Definition 3.2. Let Δ be an indexing set. Then we define some operations on PMPFSs. Let $P_{M} = {ς, {〈 T_{1} (ς), F_{1} (ς) 〉, . . ., 〈 T_{M} (ς), F_{M} (ς) 〉} : ς \in Q}$ be PMPFS and $ℑ = (〈 T_{1}, F_{1} 〉, 〈 T_{2}, F_{2} 〉,$ $. . ., 〈 T_{M}, F_{M} 〉)$ be its PMPFN. Let $^{℘} P_{M} = {ς, {〈^{℘} T_{1} (ς),^{℘} F_{1} (ς) 〉, . . ., 〈^{℘} T_{M} (ς),^{℘}$ $F_{M} (ς) 〉} : ς \in Q}$ , ℘ ∈ Δ, be PMPFSs and $F_{p} = (〈^{p} T_{1},^{p} F_{1}〉, 〈^{p} T_{2},^{p} F_{2}〉, \dots, 〈^{p} T_{M},^{p} F_{M}〉 : p \in Δ)$ be their PMPFNs. Then

(i) Complement: $P_{c}^{M} = {ς, {〈 F_{1} (ς), T_{1} (ς) 〉, . . ., 〈 F_{M} (ς), T_{M} (ς) 〉} : ς \in Q}$

(ii) Equality: $^{1} P_{M} =^{2} P_{M}$ if and only if ℑ₁ = ℑ ₂ i.e. and $^{1} F_{1} (ς) =^{2} F_{1} (ς), \dots,^{1} T_{M} (ς) =^{2} T_{M} (ς)$ and $^{1} F_{1} (ς) =^{2} F_{1} (ς)$ .
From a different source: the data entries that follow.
(* Let $I$ be a compact interval and $f:I\to\mathcal{K}(\mathbb{R})$ a continuous set-valued function such that $\dim_A(\mathcal{G}(f))>1$. Then $\dim_A\Delta(\mathcal{G}(f))=1$.
   Context: $\mathcal{K}(\mathbb{R})$: non-empty compact subsets of $\mathbb{R}$ with the Hausdorff distance. $\mathcal{G}(f)=\{(x,y)\in I\times\mathbb{R}:y\in f(x)\}\subseteq\mathbb{R}^2$, and $\Delta(\mathcal{G}(f))=\{|x-x_*|+|y-y_*|:x,x_*\in I,\ y\in f(x),\ y_*\in f(x_* )\}$. $\dim_A$ denotes Assouad dimension. *)

From Stdlib Require Import Reals List.
From Coquelicot Require Import Coquelicot.
Open Scope R_scope.

Definition nonempty_compact (A : R -> Prop) : Prop :=
  (exists y, A y) /\ compact A.

Definition point_set_dist (a : R) (B : R -> Prop) : Rbar :=
  Glb_Rbar (fun t => exists b, B b /\ t = Rabs (a - b)).

(** Hausdorff distance:
    max (sup_{a in A} d(a,B), sup_{b in B} d(b,A)),
    written as the sup of the union of the two families of values. *)
Definition hausdorff_dist (A B : R -> Prop) : Rbar :=
  Lub_Rbar (fun t => (exists a, A a /\ point_set_dist a B = Finite t)
                  \/ (exists b, B b /\ point_set_dist b A = Finite t)).

Definition hausdorff_continuous_on (a b : R) (f : R -> R -> Prop) : Prop :=
  forall x, a <= x <= b -> forall eps, 0 < eps ->
    exists delta, 0 < delta /\
      forall y, a <= y <= b -> Rabs (x - y) < delta ->
        Rbar_lt (hausdorff_dist (f x) (f y)) (Finite eps).

Definition graph_of (a b : R) (f : R -> R -> Prop) (p : R * R) : Prop :=
  a <= fst p <= b /\ f (fst p) (snd p).

Definition delta_set (G : R * R -> Prop) (t : R) : Prop :=
  exists p q, G p /\ G q /\ t = Rabs (fst p - fst q) + Rabs (snd p - snd q).

Definition dist2 (p q : R * R) : R :=
  sqrt ((fst p - fst q) ^ 2 + (snd p - snd q) ^ 2).
Definition dist1 (x y : R) : R := Rabs (x - y).

Definition covered_by {X : Type} (d : X -> X -> R) (E : X -> Prop)
  (r : R) (n : nat) : Prop :=
  exists l : list X, length l = n /\
    forall x, E x -> exists c, In c l /\ d x c <= r.

Definition assouad_admissible {X : Type} (d : X -> X -> R) (F : X -> Prop)
  (s : R) : Prop :=
  0 <= s /\ exists C, 0 < C /\
    forall x r R0, F x -> 0 < r -> r < R0 ->
      exists n, covered_by d (fun y => F y /\ d x y <= R0) r n /\
                INR n <= C * Rpower (R0 / r) s.

(** Assouad dimension: infimum of admissible exponents (+oo if none). *)
Definition assouad_dim {X : Type} (d : X -> X -> R) (F : X -> Prop) : Rbar :=
  Glb_Rbar (assouad_admissible d F).

From Stdlib Require Import Reals Lra Lia List Classical.
From Coquelicot Require Import Coquelicot.
Open Scope R_scope.

(* When a < b, the distance set contains the whole interval [0, b - a]: distances
   from a fixed point over a to nearest points of the fibres vary continuously.
   A subset of the line containing an interval has Assouad dimension exactly 1.
   The hypothesis on the graph only rules out a = b, where the graph lies on a
   vertical line and so has dimension at most 1. *)

Lemma interval_covered_by_centers (r : R) (n : nat) : 0 < r ->
  forall u y, u <= y <= u + 2 * r * INR (S n) ->
  exists k, (k <= n)%nat /\ Rabs (y - (u + r + 2 * r * INR k)) <= r.
Proof.
  intros Hr; induction n as [|n IH]; intros u y Hy.
  - exists 0%nat. split; [lia|]. simpl in *. apply Rabs_le_between. lra.
  - destruct (Rle_lt_dec y (u + 2 * r)) as [Hle|Hgt].
    + exists 0%nat. split; [lia|]. simpl. apply Rabs_le_between. lra.
    + destruct (IH (u + 2 * r) y) as [k [Hk Hc]].
      { rewrite S_INR in Hy. lra. }
      exists (S k). split; [lia|]. rewrite S_INR.
      replace (u + r + 2 * r * (INR k + 1)) with (u + 2 * r + r + 2 * r * INR k) by ring.
      exact Hc.
Qed.

Lemma ball_covered_R (x r R0 : R) : 0 < r -> r < R0 ->
  exists l : list R, INR (length l) <= 2 * (R0 / r) /\
    forall y, Rabs (x - y) <= R0 -> exists c, In c l /\ Rabs (y - c) <= r.
Proof.
  intros Hr HR.
  assert (Hq : 1 < R0 / r) by (apply (Rmult_lt_reg_r r); [lra|]; field_simplify; lra).
  destruct (nfloor1_ex (R0 / r)) as [n Hn]; [lra|].
  exists (map (fun k => x - R0 + r + 2 * r * INR k) (seq 0 (S n))). split.
  - rewrite length_map, length_seq, S_INR. lra.
  - intros y Hy. apply Rabs_le_between in Hy.
    destruct (interval_covered_by_centers r n Hr (x - R0) y) as [k [Hk Hc]].
    { assert (R0 <= r * INR (S n)).
      { rewrite S_INR. replace R0 with (r * (R0 / r)) at 1 by (field; lra).
        apply Rmult_le_compat_l; lra. }
      lra. }
    exists (x - R0 + r + 2 * r * INR k). split; [|exact Hc].
    apply in_map_iff. exists k. split; [reflexivity|]. apply in_seq. lia.
Qed.

(* [h] extends the inverse of the embedding [g] to all of [R], so that covering
   centres on the line can be pulled back to [X]. *)
Lemma assouad_admissible_1_line_isometric {X : Type} (d : X -> X -> R)
    (E : X -> Prop) (h : R -> X) (g : X -> R) :
  (forall x, E x -> h (g x) = x) ->
  (forall x c, E x -> d x (h c) = Rabs (g x - c)) ->
  assouad_admissible d E 1.
Proof.
  intros Hhg Hd. split; [lra|]. exists 2. split; [lra|].
  intros x r R0 Ex Hr HR.
  destruct (ball_covered_R (g x) r R0 Hr HR) as [l [Hl Hc]].
  exists (length (map h l)). split.
  - exists (map h l). split; [reflexivity|]. intros y [Ey Hy].
    rewrite <- (Hhg y Ey), Hd in Hy by exact Ex.
    destruct (Hc (g y) Hy) as [c [Hcl Hcy]].
    exists (h c). split; [now apply in_map|]. now rewrite Hd.
  - rewrite length_map, Rpower_1; [lra|]. apply Rdiv_lt_0_compat; lra.
Qed.

Lemma assouad_admissible_1_R (E : R -> Prop) : assouad_admissible dist1 E 1.
Proof.
  apply (assouad_admissible_1_line_isometric _ _ (fun c => c) (fun x => x)); reflexivity.
Qed.

Lemma dist2_same_fst p q : fst p = fst q -> dist2 p q = Rabs (snd p - snd q).
Proof.
  intros H. unfold dist2. rewrite H, Rminus_diag, <- sqrt_Rsqr_abs.
  f_equal. unfold Rsqr. ring.
Qed.

Lemma graph_degenerate_admissible_1 (a : R) (f : R -> R -> Prop) :
  assouad_admissible dist2 (graph_of a a f) 1.
Proof.
  apply (assouad_admissible_1_line_isometric _ _ (fun c => (a, c)) snd).
  - intros [x y] [Hx _]. simpl in *. f_equal. lra.
  - intros p c [Hp _]. apply dist2_same_fst. simpl. lra.
Qed.

Definition point_set_distR (y0 : R) (B : R -> Prop) : R := real (point_set_dist y0 B).

Lemma point_set_distR_spec y0 B : (exists b, B b) ->
  point_set_dist y0 B = Finite (point_set_distR y0 B) /\
  (forall b, B b -> point_set_distR y0 B <= Rabs (y0 - b)) /\
  (forall e, 0 < e -> exists b, B b /\ Rabs (y0 - b) < point_set_distR y0 B + e).
Proof.
  intros [b0 Hb0]. unfold point_set_distR, point_set_dist.
  set (D := fun t => exists b, B b /\ t = Rabs (y0 - b)).
  destruct (Glb_Rbar_correct D) as [Hlb Hgr].
  assert (H0 : Rbar_le (Finite 0) (Glb_Rbar D)).
  { apply Hgr. intros t [b [_ ->]]. apply Rabs_pos. }
  assert (H1 : Rbar_le (Glb_Rbar D) (Finite (Rabs (y0 - b0)))).
  { apply Hlb. now exists b0. }
  destruct (Glb_Rbar D) as [m| |]; simpl in H0, H1; try contradiction.
  split; [reflexivity|]. split.
  - intros b Hb. apply (Hlb (Rabs (y0 - b))). now exists b.
  - intros e He. apply NNPP. intro Hn.
    assert (Hl : Rbar_le (Finite (m + e)) (Finite m)).
    { apply Hgr. intros t [b [Hb ->]]. simpl. apply Rnot_lt_le. intro Hc.
      apply Hn. now exists b. }
    simpl in Hl. lra.
Qed.

Lemma point_set_distR_nonneg y0 B : (exists b, B b) -> 0 <= point_set_distR y0 B.
Proof.
  intros HB. destruct (point_set_distR_spec y0 B HB) as [_ [_ Happrox]].
  apply Rnot_lt_le. intro Hneg.
  destruct (Happrox (- point_set_distR y0 B)) as [b [_ Hb]]; [lra|].
  pose proof (Rabs_pos (y0 - b)). lra.
Qed.

(* Closedness of [B] forces one of the two candidates [y0 +- m] to lie in [B]. *)
Lemma point_set_distR_attained y0 B : nonempty_compact B ->
  exists y, B y /\ Rabs (y0 - y) = point_set_distR y0 B.
Proof.
  intros [HB Hc]. destruct (point_set_distR_spec y0 B HB) as [_ [Hlb Happrox]].
  pose proof (point_set_distR_nonneg y0 B HB) as Hm0.
  set (m := point_set_distR y0 B) in *.
  apply NNPP. intro Hn.
  assert (Hout : forall y, Rabs (y0 - y) = m -> ~ B y) by (intros y Hy HBy; eauto).
  destruct (compact_P2 B Hc (y0 + m)) as [d1 Hd1].
  { apply Hout. replace (y0 - (y0 + m)) with (- m) by ring.
    rewrite Rabs_Ropp. apply Rabs_right. lra. }
  destruct (compact_P2 B Hc (y0 - m)) as [d2 Hd2].
  { apply Hout. replace (y0 - (y0 - m)) with m by ring. apply Rabs_right. lra. }
  destruct (Happrox (Rmin d1 d2)) as [b [Hb Hbm]].
  { apply Rmin_pos; apply cond_pos. }
  pose proof (Hlb b Hb). pose proof (Rmin_l d1 d2). pose proof (Rmin_r d1 d2).
  destruct (Rle_lt_dec y0 b).
  - apply (Hd1 b); [|exact Hb]. unfold disc. rewrite Rabs_minus_sym in *.
    rewrite Rabs_right in * by lra. apply Rabs_def1; lra.
  - apply (Hd2 b); [|exact Hb]. unfold disc.
    rewrite Rabs_right in * by lra. apply Rabs_def1; lra.
Qed.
(iii) Subset: $^{1} P_{M} \subseteq^{2} T_{M}$ if and only if $^{1} T_{1} (ς) \leq^{2} T_{1} (ς),^{1} F_{1} (ς) \geq^{2} F_{1} (ς) \dots,^{1} T_{M} (ς) \leq^{2} T_{M} (ς)$ and $^{1} F_{M} (ς) \geq^{2} F_{M} (ς)$ .

(iv) Union: $⋃_{℘}^{℘} P_{M} = {(ς, {〈 sup_{℘ \in Δ}^{℘} T_{1} (ς), inf_{℘ \in Δ}^{℘} F_{1} (ς) 〉,$ $〈 sup_{℘ \in Δ}^{℘} T_{2} (ς), inf_{℘ \in Δ}^{℘} F_{2} (ς) 〉, . . ., 〈 sup_{℘ \in Δ}^{℘} T_{M} (ς), inf_{℘ \in Δ}^{℘} F_{M} (ς) 〉) : ℘ \in Δ}$ .

(iii) Intersection: $⋂_{℘}^{℘} P_{M} = {(〈 inf_{℘ \in Δ}^{℘} T_{1} (ς), sup_{℘ \in Δ}^{℘} F_{1} (ς) 〉,$ $〈 inf_{℘ \in Δ}^{℘} T_{2} (ς), sup_{℘ \in Δ}^{℘} F_{2} (ς) 〉, . . ., 〈 inf_{℘ \in Δ}^{℘} T_{M} (ς), sup_{℘ \in Δ}^{℘} F_{M} (ς) 〉) : ℘ \in Δ}$ .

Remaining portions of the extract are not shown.